Additional analysis of the original ArXiv paper
📋 Original Paper Title and Abstract
Visual Memory Injection Attacks for Multi-Turn Conversations
🔍 ShortSpan Analysis of the Paper
Problem
This paper studies a novel attack on large vision-language models (LVLMs) in realistic multi-turn conversations. An adversary adds a small, visually imperceptible perturbation to an image posted online. If a benign user later supplies that image to an LVLM in a chat, the manipulated image remains in the model’s context and can be made to trigger a specific malicious response when a topic-related prompt appears, while producing nominal outputs on unrelated prompts. The attack is stealthy, persists across long dialogues, and can scale because one image can reach many users.
Approach
The attack, called Visual Memory Injection (VMI), optimises an ℓ∞-bounded perturbation (radius 8/255) so the model (i) returns a benign anchor response on a non-trigger prompt and (ii) outputs a prescribed target message when a trigger prompt appears at a later turn. Two methods underpin VMI: benign behavioural anchoring enforces normal first-turn behaviour to avoid early detection, and context-cycling varies the conversational history length during optimisation so the perturbation generalises across different multi-turn contexts. The optimisation uses adaptive projected gradient descent with up to 2000 iterations and fixes intermediate context outputs to nominal model responses. Experiments use two image sets (random COCO images and a set of notable but obscure landmarks) and four attack goals: stock recommendation, political endorsement, car recommendation, and phone recommendation. Attacks are evaluated on recent open-weight LVLMs, including Qwen2.5-VL-7B-Instruct, Qwen3-VL-8B-Instruct and LLaVA-OneVision-1.5-8B-Instruct, with test-time conversations up to 27 turns and automated keyword-based success metrics requiring the target to appear only on the trigger turn and not in preceding turns.
Key Findings
- VMI achieves substantial combined success rates across all tested models and targets, meaning the model emits the target on trigger prompts while not leaking it into earlier turns.

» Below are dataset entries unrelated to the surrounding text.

Lemma pair_term_align_eq (g u v : R) (a b : bool) :
  g <> 0 -> 0 <= sg a * sg b * g ->
  g * (sg a * Rabs u - sg b * Rabs v) ^ 2 = g * (u - v) ^ 2 ->
  0 <= (sg a * u) * (sg b * v).
Proof.
  intros Hg0 Hg Heq.
  assert (Hprod : 2 * (sg a * sg b * g) * (Rabs (u * v) - sg a * u * (sg b * v)) = 0)
    by (rewrite <- pair_term_align_gap; lra).
  assert (sg a * sg b * g <> 0).
  { intros H0. apply Hg0. rewrite <- (Rabs_pos_eq _ Hg), !Rabs_mult, !Rabs_sg in H0.
    apply Rabs_eq_0. lra. }
  assert (Rabs (u * v) = sg a * u * (sg b * v)).
  { apply Rmult_integral in Hprod as [H2 | H2]; [|lra].
    apply Rmult_integral in H2 as [H2 | H2]; lra. }
  rewrite <- H0. apply Rabs_pos.
Qed.

Lemma same_sign_iff (a b : bool) (u v : R) :
  0 < (sg a * u) * (sg b * v) ->
  ((0 < u /\ 0 < v) \/ (u < 0 /\ v < 0)) <-> a = b.
Proof.
  destruct a, b; simpl; intros H; split; intros Hs; try reflexivity; try discriminate.
  all: try (destruct (Rlt_or_le 0 u), (Rlt_or_le 0 v); nra).
  all: destruct Hs as [[? ?] | [? ?]]; nra.
Qed.

Lemma clos_rt1n_crossing (E : nat -> nat -> Prop) (P : nat -> Prop) (a b : nat) :
  clos_refl_trans_1n nat E a b -> P a -> ~ P b ->
  exists u v, E u v /\ P u /\ ~ P v.
Proof.
  induction 1 as [a | a c b Eac _ IH]; intros Pa nPb; [contradiction|].
  destruct (classic (P c)) as [Pc | nPc]; [now apply IH | now exists a, c].
Qed.

Lemma clos_rt1n_same_sign (E : nat -> nat -> Prop) (p : nat -> R) (a b : nat) :
  (forall u v, E u v -> 0 < p u * p v) -> p b <> 0 ->
  clos_refl_trans_1n nat E a b -> 0 < p a * p b.
Proof.
  intros HE Hb. induction 1 as [a | a c b Eac _ IH].
  - exact (Rsqr_pos_lt _ Hb).
  - specialize (HE a c Eac).
    assert (0 < (p a * p c) * (p c * p b)) by (apply Rmult_lt_0_compat; auto).
    nra.
Qed.

Lemma classW_dips_below_0 (W : R -> R) :
  in_classW W -> exists m, 0 < m /\ forall e, 0 < e <= m -> W e < W 0.
Proof.
  intros [[HdW _] [_ [[m [Hm [_ [_ [_ Hneg]]]]] _]]].
  exists m; split; [exact Hm|]. intros e He.
  destruct (MVT_cor2 W (Derive W) 0 e) as [c [Hc Hcin]]; [lra | |].
  - intros c _. apply is_derive_Reals, Derive_correct, HdW.
  - assert (Derive W c < 0) by (apply Hneg; right; lra). nra.
Qed.

Lemma quadratic_dips_below_0 (m G A : R) :
  0 < m -> 0 < G -> 0 < A -> exists e, 0 < e <= m /\ e ^ 2 * G - 2 * e * A < 0.
Proof.
  intros Hm HG HA. exists (Rmin m (A / G)).
  assert (HAG : 0 < A / G) by (apply Rdiv_lt_0_compat; assumption).
  assert (Hle : Rmin m (A / G) * G <= A).
  { replace A with (A / G * G) at 2 by (field; lra).
    apply Rmult_le_compat_r; [lra | apply Rmin_r]. }
  split; [split; [apply Rmin_glb_lt; assumption | apply Rmin_l] |].
  assert (0 < Rmin m (A / G)) by (apply Rmin_glb_lt; assumption).
  nra.
Qed.

Definition coupling (n : nat) (gamma : nat -> nat -> R) (x : nat -> R) : R :=
  sumR n (fun i => sumR n (fun j => gamma i j * (x i - x j) ^ 2)).

Lemma energy_split (n : nat) (W : R -> R) (gamma : nat -> nat -> R) (kappa : R)
  (x : nat -> R) :
  energy n W gamma kappa x = sumR n (fun i => W (x i)) + kappa / 2 * coupling n gamma x.
Proof. reflexivity. Qed.

Definition update (x : nat -> R) (k : nat) (c : R) : nat -> R :=
  fun i => if Nat.eq_dec i k then c else x i.

Lemma update_same (x : nat -> R) (k : nat) (c : R) : update x k c k = c.
Proof. unfold update. destruct (Nat.eq_dec k k); congruence. Qed.

Lemma update_other (x : nat -> R) (k i : nat) (c : R) : i <> k -> update x k c i = x i.
Proof. unfold update. destruct (Nat.eq_dec i k); congruence. Qed.

Section SignedGraph.

Variables (n : nat) (gamma : nat -> nat -> R) (V1 : nat -> bool).
Hypothesis gamma_sym : forall i j, (i < n)%nat -> (j < n)%nat -> gamma i j = gamma j i.
Hypothesis gamma_signed :
  forall i j, (i < n)%nat -> (j < n)%nat -> 0 <= sg (V1 i) * sg (V1 j) * gamma i j.

Definition align (x : nat -> R) : nat -> R := fun i => sg (V1 i) * Rabs (x i).

Lemma coupling_align_le (x : nat -> R) : coupling n gamma (align x) <= coupling n gamma x.
Proof.
  apply sumR_le; intros i Hi; apply sumR_le; intros j Hj.
  apply pair_term_align_le, gamma_signed; assumption.
Qed.

Lemma coupling_align_eq (x : nat -> R) :
  coupling n gamma (align x) = coupling n gamma x ->
  forall i j, (i < n)%nat -> (j < n)%nat -> gamma i j <> 0 ->
  0 <= (sg (V1 i) * x i) * (sg (V1 j) * x j).
Proof.
  intros Heq i j Hi Hj Hg.
  assert (Hrows := sumR_le_eq n _ _
    (fun i Hi => sumR_le n _ _ (fun j Hj =>
       pair_term_align_le (gamma i j) (x i) (x j) _ _ (gamma_signed i j Hi Hj))) Heq i Hi).
  assert (Hterm := sumR_le_eq n _ _
    (fun j Hj => pair_term_align_le (gamma i j) (x i) (x j) _ _ (gamma_signed i j Hi Hj))
    Hrows j Hj).
  exact (pair_term_align_eq _ _ _ _ _ Hg (gamma_signed i j Hi Hj) Hterm).
Qed.

Lemma coupling_sign_pattern_nonpos (c : R) : coupling n gamma (fun i => sg (V1 i) * c) <= 0.
Proof.
  rewrite <- (Rmult_0_r (INR n)), <- sumR_const.
  apply sumR_le; intros i Hi.
  rewrite <- (Rmult_0_r (INR n)), <- sumR_const.
  apply sumR_le; intros j Hj.
  specialize (gamma_signed i j Hi Hj).
  destruct (V1 i), (V1 j); simpl in *; nra.
Qed.

Lemma coupling_change_one (y z : nat -> R) (k : nat) :
  (k < n)%nat -> (forall i, (i < n)%nat -> i <> k -> y i = z i) ->
  coupling n gamma y
  = coupling n gamma z + 2 * sumR n (fun j => gamma k j * ((y k - y j) ^ 2 - (z k - z j) ^ 2)).
Proof.
  intros Hk Hyz.
  set (D := fun i j => gamma i j * ((y i - y j) ^ 2 - (z i - z j) ^ 2)).
  fold (D k).
  assert (Hsplit : coupling n gamma y = coupling n gamma z + sumR n (fun i => sumR n (D i))).
  { unfold coupling. rewrite <- sumR_plus. apply sumR_ext; intros i _.
    rewrite <- sumR_plus. apply sumR_ext; intros j _. unfold D. ring. }
  assert (Hrow : forall i, (i < n)%nat -> i <> k -> sumR n (D i) = D i k).
  { intros i Hi Hik.
    rewrite (sumR_change_one n (D i) (fun _ => 0) k Hk), sumR_const.
    - ring.
    - intros j Hj Hjk. unfold D. rewrite !Hyz by assumption. ring. }
  assert (Hcol : sumR n (fun i => D i k) = sumR n (D k)).
  { apply sumR_ext; intros i Hi. unfold D. rewrite gamma_sym by assumption. ring. }
  assert (Hdiag : D k k = 0) by (unfold D; ring).
  rewrite Hsplit, (sumR_change_one n _ (fun i => D i k) k Hk Hrow), Hcol, Hdiag.
  ring.
Qed.

Lemma align_update_local_bound (x : nat -> R) (k : nat) (e : R) :
  (k < n)%nat -> x k = 0 -> 0 <= e ->
  sumR n (fun j => gamma k j * ((update (align x) k (sg (V1 k) * e) k
                                  - update (align x) k (sg (V1 k) * e) j) ^ 2
                                 - (align x k - align x j) ^ 2))
  <= e ^ 2 * sumR n (fun j => Rabs (gamma k j))
     - 2 * e * sumR n (fun j => Rabs (gamma k j) * Rabs (x j)).
Proof.
  intros Hk Hxk He.
  replace (e ^ 2 * sumR n (fun j => Rabs (gamma k j))
           - 2 * e * sumR n (fun j => Rabs (gamma k j) * Rabs (x j)))
    with (sumR n (fun j => e ^ 2 * Rabs (gamma k j)
                           + - (2 * e) * (Rabs (gamma k j) * Rabs (x j))))
    by (rewrite sumR_plus, !sumR_scal; ring).
  apply sumR_le; intros j Hj.
  assert (Habs := Rabs_pos (gamma k j)).
  rewrite update_same. unfold align. rewrite Hxk, Rabs_R0.
  destruct (Nat.eq_dec j k) as [->|Hjk].
  - rewrite update_same, Hxk, Rabs_R0. nra.
  - rewrite update_other by exact Hjk.
    replace (gamma k j * ((sg (V1 k) * e - sg (V1 j) * Rabs (x j)) ^ 2
                          - (sg (V1 k) * 0 - sg (V1 j) * Rabs (x j)) ^ 2))
      with (sg (V1 k) * sg (V1 k) * gamma k j * e ^ 2
            - 2 * e * (sg (V1 k) * sg (V1 j) * gamma k j) * Rabs (x j)) by ring.
    rewrite sg_sqr, sg_mul_abs by (apply gamma_signed; assumption).
    assert (gamma k j <= Rabs (gamma k j)) by apply Rle_abs.
    nra.
Qed.

Section Minimizers.

Variables (W : R -> R) (kappa : R).
Hypothesis W_even : forall t, W (- t) = W t.
Hypothesis kappa_pos : 0 < kappa.

Definition is_minimizer (x : nat -> R) : Prop :=
  forall y, energy n W gamma kappa x <= energy n W gamma kappa y.

Lemma sumR_W_align (x : nat -> R) : sumR n (fun i => W (align x i)) = sumR n (fun i => W (x i)).
Proof. apply sumR_ext; intros i _. apply W_sg_abs, W_even. Qed.

Lemma energy_align_le (x : nat -> R) :
  energy n W gamma kappa (align x) <= energy n W gamma kappa x.
Proof.
  rewrite !energy_split, sumR_W_align.
  assert (Hc := coupling_align_le x).
  apply Rplus_le_compat_l, Rmult_le_compat_l; lra.
Qed.

Lemma minimizer_edge_sign (x : nat -> R) :
  is_minimizer x ->
  forall i j, (i < n)%nat -> (j < n)%nat -> gamma i j <> 0 ->
  0 <= (sg (V1 i) * x i) * (sg (V1 j) * x j).
Proof.
  intros Hmin. apply coupling_align_eq.
  assert (Hle := coupling_align_le x).
  assert (Hmin_align := Hmin (align x)).
  rewrite !energy_split, sumR_W_align in Hmin_align.
  assert (coupling n gamma x <= coupling n gamma (align x)).
  { apply (Rmult_le_reg_l (kappa / 2)); lra. }
  lra.
Qed.

Lemma energy_change_one (y z : nat -> R) (k : nat) :
  (k < n)%nat -> (forall i, (i < n)%nat -> i <> k -> y i = z i) ->
  energy n W gamma kappa y
  = energy n W gamma kappa z + (W (y k) - W (z k))
    + kappa * sumR n (fun j => gamma k j * ((y k - y j) ^ 2 - (z k - z j) ^ 2)).
Proof.
  intros Hk Hyz. rewrite !energy_split, (coupling_change_one y z k Hk Hyz).
  rewrite (sumR_change_one n (fun i => W (y i)) (fun i => W (z i)) k Hk)
    by (intros i Hi Hik; rewrite Hyz by assumption; reflexivity).
  field.
Qed.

- The attack persists through long conversations, remaining effective after more than 25 unrelated turns and across contexts containing many thousands of tokens.

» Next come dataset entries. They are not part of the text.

(* Assume that $(a,b,c)\in\mathcal A_{\mathbf k}$. Then \[ b_1\geq p-1-(a+(k_1-1)c), \qquad b_s\geq (k_{s-1}-k_s+1)c-1, \quad s=2,\dots,n. \]
   Context: Let $p$ be an odd prime. Let $\mathbf k=(k_1,\dots,k_n)\in\mathbb Z_{>0}^n$ with $k_i>k_{i+1}$ for $i=1,\dots,n-1$, and set $k_0=k_{n+1}=0$. Let $a,b_1,\dots,b_n,c\in\mathbb Z_{>0}$, $b=(b_1,\dots,b_n)$, and put $a_1=a$, $a_2=\dots=a_n=0$; $\delta_{s,1}$ is $1$ if $s=1$ and $0$ otherwise. Define \[ R_{\mathbf k}(a,b,c)=\prod_{1\le s\le r\le n}\prod_{i=1}^{k_r-k_{r+1}}\frac{(r-s+b_s+\dots+b_r+(i+s-r-1)c)!}{(r-s+1+a_s+b_s+\dots+b_r+(i+s-r+k_s-k_{s-1}-2)c-\delta_{s,1}p)!} \] \[ \times(-1)^{\sum_{i=1}^n k_i}\Big(\prod_{i=1}^{k_1}(a_1+(i-1)c)!\Big)\Big(\prod_{r=1}^n\prod_{i=1}^{k_r}\frac{(ic)!}{c!}\Big)\Big(\prod_{r=2}^n\prod_{i=1}^{k_r}(p+(i-k_{r-1}-1)c)!\Big). \] The tuple $(a,b_1,\dots,b_n,c)$ is called admissible if $a+(k_1-1)c<p-1$ and for every factorial $x!$ appearing in the right-hand side of the formula for $R_{\mathbf k}(a,b,c)$ one has $0\le x<p$. The set of all admissible $(a,b,c)$ is denoted $\mathcal A_{\mathbf k}$. *)

From mathcomp Require Import all_boot all_order all_algebra.
Set Implicit Arguments. Unset Strict Implicit. Unset Printing Implicit Defensive.
Import Order.TTheory GRing.Theory Num.Theory.
Local Open Scope ring_scope.

(* k = [:: k_1; ...; k_n], b = [:: b_1; ...; b_n]  (n = size k) *)
(* kk k i = k_i for 1 <= i <= n, and k_0 = k_(n+1) = 0 *)
Definition kk (k : seq nat) (i : nat) : nat :=
  if i == 0%N then 0%N else nth 0%N k i.-1.
Definition bb (b : seq nat) (i : nat) : nat := nth 0%N b i.-1.
Definition aa (a s : nat) : nat := if s == 1%N then a else 0%N.
Definition bsum (b : seq nat) (s r : nat) : nat := (\sum_(s <= j < r.+1) bb b j)%N.

(* argument of the numerator factorial, indexed by s, r, i *)
Definition numarg (k b : seq nat) (c s r i : nat) : int :=
  (r%:Z - s%:Z) + (bsum b s r)%:Z + (i%:Z + s%:Z - r%:Z - 1) * c%:Z.

(* argument of the denominator factorial, indexed by s, r, i *)
Definition denarg (p : nat) (k b : seq nat) (a c s r i : nat) : int :=
  (r%:Z - s%:Z + 1) + (aa a s)%:Z + (bsum b s r)%:Z
  + (i%:Z + s%:Z - r%:Z + (kk k s)%:Z - (kk k s.-1)%:Z - 2) * c%:Z
  - (if s == 1%N then p else 0%N)%:Z.

Definition inrange (p : nat) (x : int) : bool := (0 <= x) && (x < p%:Z).

(* (a, b, c) in A_k : the condition a + (k_1 - 1) c < p - 1 and every
   factorial x! occurring in the formula for R_k(a,b,c) has 0 <= x < p *)
Definition admissible (p : nat) (k b : seq nat) (a c : nat) : Prop :=
  let n := size k in
  [/\ a%:Z + ((kk k 1)%:Z - 1) * c%:Z < p%:Z - 1,
   (forall s r i : nat, (1 <= s)%N -> (s <= r)%N -> (r <= n)%N ->
      (1 <= i)%N -> (i <= kk k r - kk k r.+1)%N ->
      inrange p (numarg k b c s r i) && inrange p (denarg p k b a c s r i)),
   (forall i : nat, (1 <= i <= kk k 1)%N ->
      inrange p (a%:Z + (i%:Z - 1) * c%:Z)),
   (forall r i : nat, (1 <= r <= n)%N -> (1 <= i <= kk k r)%N ->
      inrange p (i%:Z * c%:Z) && inrange p c%:Z) &
   (forall r i : nat, (2 <= r <= n)%N -> (1 <= i <= kk k r)%N ->
      inrange p (p%:Z + (i%:Z - (kk k r.-1)%:Z - 1) * c%:Z))].

(* Take r = s and i = 1 in the denominator factorials of R_k(a,b,c): this is
   allowed because k is strictly decreasing with k_(n+1) = 0, so
   k_s - k_(s+1) >= 1.  Admissibility makes the argument
   1 + a_s + b_s + (k_s - k_(s-1) - 1) c - [s = 1] p nonnegative, which is
   the claimed lower bound on b_s (with k_0 = 0 when s = 1). *)
From mathcomp Require Import all_boot all_order all_algebra.
From mathcomp Require Import zify.
Import Order.TTheory GRing.Theory Num.Theory.
Local Open Scope ring_scope.

Lemma kk_succ_lt (k : seq nat) (s : nat) :
  all (fun x => 0 < x)%N k -> sorted (fun x y => y < x)%N k ->
  (0 < s <= size k)%N -> (kk k s.+1 < kk k s)%N.
Proof.
case: s => [//|s] k_pos k_sorted /andP[_ s_lt]; rewrite /kk /=.
have [s1_lt | s1_ge] := ltnP s.+1 (size k).
  apply: (sorted_ltn_nth _ 0%N k_sorted) => //.
  by move=> y x z xy yz; apply: ltn_trans yz xy.
by rewrite nth_default //; apply: (allP k_pos); apply: mem_nth.
Qed.

Lemma denarg_diag1 (p : nat) (k b : seq nat) (a c s : nat) :
  denarg p k b a c s s 1 =
  (aa a s)%:Z + (bb b s)%:Z + 1
  - ((kk k s.-1)%:Z - (kk k s)%:Z + 1) * c%:Z - (if s == 1%N then p else 0%N)%:Z.
Proof. rewrite /denarg /bsum big_nat1; lia. Qed.

Lemma admissible_denarg_diag1_ge0 (p : nat) (k b : seq nat) (a c s : nat) :
  all (fun x => 0 < x)%N k -> sorted (fun x y => y < x)%N k ->
  admissible p k b a c -> (0 < s <= size k)%N ->
  0 <= denarg p k b a c s s 1.
Proof.
move=> k_pos k_sorted [_ fact_range _ _ _] /andP[s_gt0 s_le].
have one_le : (1 <= kk k s - kk k s.+1)%N.
  by rewrite subn_gt0 kk_succ_lt // s_gt0.
by case/andP: (fact_range s s 1%N s_gt0 (leqnn s) s_le (leqnn 1) one_le)
  => _ /andP[].
Qed.

Theorem lemma3p2 (p : nat) (k b : seq nat) (a c : nat) :
  prime p -> odd p ->
  (0 < size k)%N ->
  all (fun x => 0 < x)%N k ->
  sorted (fun x y => y < x)%N k ->
  size b = size k ->
  all (fun x => 0 < x)%N b ->
  (0 < a)%N -> (0 < c)%N ->
  admissible p k b a c ->
  (p%:Z - 1 - (a%:Z + ((kk k 1)%:Z - 1) * c%:Z) <= (bb b 1)%:Z) /\
  (forall s : nat, (2 <= s <= size k)%N ->
     ((kk k s.-1)%:Z - (kk k s)%:Z + 1) * c%:Z - 1 <= (bb b s)%:Z).
Proof.
move=> _ _ size_k_gt0 k_pos k_sorted _ _ _ _ adm.
have diag_ge0 s := admissible_denarg_diag1_ge0 p k b a c s k_pos k_sorted adm.
split.
  by have := diag_ge0 1%N; rewrite size_k_gt0 denarg_diag1 /aa /kk /=; lia.
move=> s /andP[s_ge2 s_le].
have := diag_ge0 s; rewrite s_le (ltnW s_ge2) denarg_diag1 /aa.
have -> : (s == 1%N) = false by apply/eqP; lia.
lia.
Qed.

- Benign anchoring and context-cycling are both crucial: single-turn attacks fail beyond the first turn, anchoring reduces leakage into context, and context-cycling yields the best robustness across conversation lengths.
- The attack generalises to unseen prompt sets and paraphrased trigger/anchor prompts, with only modest drops in success.

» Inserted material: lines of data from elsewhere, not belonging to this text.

Lemma Dnorm_integrand_le f g (del : R) w : 0 <= del ->
  (forall t, I01 t -> `|g t| <= `|f t| + del) ->
  (Dnorm_integrand g w <=
   Dnorm_integrand f w + del%:E * ereal_sup [set (Z w t)%:E | t in I01])%E.
Proof.
move=> del0 gf; apply: ge_ereal_sup => _ [t It <-].
apply: (@le_trans _ _ ((`|f t| * Z w t)%:E + del%:E * (Z w t)%:E)%E).
  by rewrite -EFinM -EFinD lee_fin -mulrDl ler_wpM2r ?Z_ge0 ?gf.
apply: leeD; first by apply: ereal_sup_ubound; exists t.
by apply: lee_wpmul2l; [rewrite lee_fin|apply: ereal_sup_ubound; exists t].
Qed.

Variables (Q : probability T R) (m : R).
Hypothesis m_ge0 : 0 <= m.
Hypothesis Z_max : {ae Q, forall w, ereal_sup [set (Z w t)%:E | t in I01] = m%:E}.

Lemma Dnorm_le f g (del : R) : 0 <= del ->
  finite_set [set t | I01 t /\ discont_at f t] ->
  finite_set [set t | I01 t /\ discont_at g t] ->
  (forall t, I01 t -> `|g t| <= `|f t| + del) ->
  (Dnorm Q Z g <= Dnorm Q Z f + (del * m)%:E)%E.
Proof.
move=> del0 fD gD gf; rewrite /Dnorm.
have mf := Dnorm_integrand_measurable fD.
have dm0 : (0 <= (del * m)%:E)%E by rewrite lee_fin mulr_ge0.
apply: (@le_trans _ _ (\int[Q]_w (Dnorm_integrand f w + (del * m)%:E))%E).
  apply: ae_ge0_le_integral => //.
  - by move=> w _; exact: Dnorm_integrand_ge0.
  - exact: Dnorm_integrand_measurable.
  - by move=> w _; apply: adde_ge0 => //; exact: Dnorm_integrand_ge0.
  - exact: emeasurable_funD.
  apply: filterS Z_max => w Zw _.
  by have := Dnorm_integrand_le w del0 gf; rewrite Zw -EFinM.
rewrite ge0_integralD //; last by move=> w _; exact: Dnorm_integrand_ge0.
have QT : Q [set: T] = 1%E by exact: probability_setT.
rewrite integral_cst // -[X in (_ <= _ + X)%E]mule1.
by rewrite le_eqVlt; apply/orP; left; apply/eqP; congr (_ + _ * _)%E.
Qed.

End DnormEstimate.

Section SupNorm.
Context {R : realType}.

Definition bounded01 (u : R -> R) := exists M, forall t, I01 t -> `|u t| <= M.

Lemma supnorm_ub (u : R -> R) t : bounded01 u -> I01 t -> `|u t| <= supnorm u.
Proof.
move=> [M uM] It; apply: ub_le_sup; last by exists t.
by exists M => _ [x Ix <-]; exact: uM.
Qed.

Lemma supnorm_le (u : R -> R) c : (forall t, I01 t -> `|u t| <= c) -> supnorm u <= c.
Proof.
move=> uc; apply: ge_sup; first by exists `|u 0|, 0 => //; exact: I01_0.
by move=> _ [x Ix <-]; exact: uc.
Qed.

Lemma bounded01_continuous (g : R -> R) : {within I01, continuous g} -> bounded01 g.
Proof.
move=> gc; have cn : {within `[0, 1], continuous (fun x => `|g x|)}.
  apply/subspace_continuousP => x Ix; apply: cvg_norm.
  exact: continuous01_of_continuous.
have [c _ gc_max] := EVT_max (@ler01 R) cn.
by exists `|g c| => t It; exact: gc_max.
Qed.

Lemma bounded01B (u v : R -> R) : bounded01 u -> bounded01 v -> bounded01 (u \- v).
Proof.
move=> [M1 uM] [M2 vM]; exists (M1 + M2) => t It /=.
by rewrite (le_trans (ler_normB _ _)) // lerD ?uM ?vM.
Qed.

Lemma supnorm_ltP (g h : R -> R) e t : bounded01 g -> bounded01 h -> I01 t ->
  supnorm (g \- h) < e -> g t < h t + e /\ h t < g t + e.
Proof.
move=> gB hB It /(le_lt_trans (supnorm_ub (bounded01B gB hB) It)) /=.
by move=> /ltr_normlP[]; split; lra.
Qed.

End SupNorm.

Lemma expRN_lipschitz {R : realType} (a b : R) : 0 <= a -> 0 <= b ->
  `|expR (- a) - expR (- b)| <= `|a - b|.
Proof.
wlog ab : a b / a <= b.
  move=> W a0 b0; have [|ba] := leP a b; first by move=> ab; exact: W.
  by rewrite distrC (distrC a); apply: W => //; exact: ltW.
move=> a0 b0; have ea1 : expR (- a) <= 1 by rewrite -expR0 ler_expR lerNl oppr0.
have eba : expR (- b) = expR (- a) * expR (- (b - a)) by rewrite -expRD; congr expR; ring.
rewrite ger0_norm ?subr_ge0 ?ler_expR ?lerN2 // distrC ger0_norm ?subr_ge0 //.
have := expR_ge1Dx (- (b - a)); rewrite eba -{1}(mulr1 (expR (- a))) -mulrBr => h.
apply: (@le_trans _ _ (1 * (1 - expR (- (b - a))))); last by rewrite mul1r; lra.
by rewrite ler_wpM2r // subr_ge0 -expR0 ler_expR lerNl oppr0 subr_ge0.
Qed.

Lemma discont_at_subr {R : realType} (f : R -> R) (c : R) t :
  discont_at (fun x => f x - c) t <-> discont_at f t.
Proof.
rewrite /discont_at; split => ndc fc; apply: ndc.
  by apply: cvgB => //; exact: cvg_cst.
have fE : (fun x => f x - c + c) = f by apply/funext => x; rewrite subrK.
have : (fun x => f x - c + c) @ within I01 (nbhs t) --> f t - c + c.
  by apply: cvgD => //; exact: cvg_cst.
by rewrite fE subrK.
Qed.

- Adversarial images optimised on a public base model transfer well to fine-tuned proprietary variants in a grey-box setting, enabling attacks without re-optimisation on each fine-tune.
- Models differ in robustness; newer or differently tuned LVLMs show variable susceptibility, with Qwen3-VL generally more robust than Qwen2.5-VL in the reported experiments.
Limitations
The attack as evaluated assumes white-box access to a base model for optimisation and is limited to conversations containing a single input image. API-only models remain an open challenge for this attack pipeline. The authors report optimisation choices such as 2000 iterations as defaults and note diminishing returns beyond that.
Why It Matters
VMI demonstrates a realistic, scalable threat: subtly perturbed images can be posted widely and later steer LVLM outputs in multi-turn chats without early detection, enabling covert advertising, financial fraud or political persuasion. The results emphasise the need for multimodal safety evaluations that account for long-context interactions, integrity checks for persistent visual memory, trigger detection, and defences that harden LVLMs to stealthy visual triggers and transfer attacks.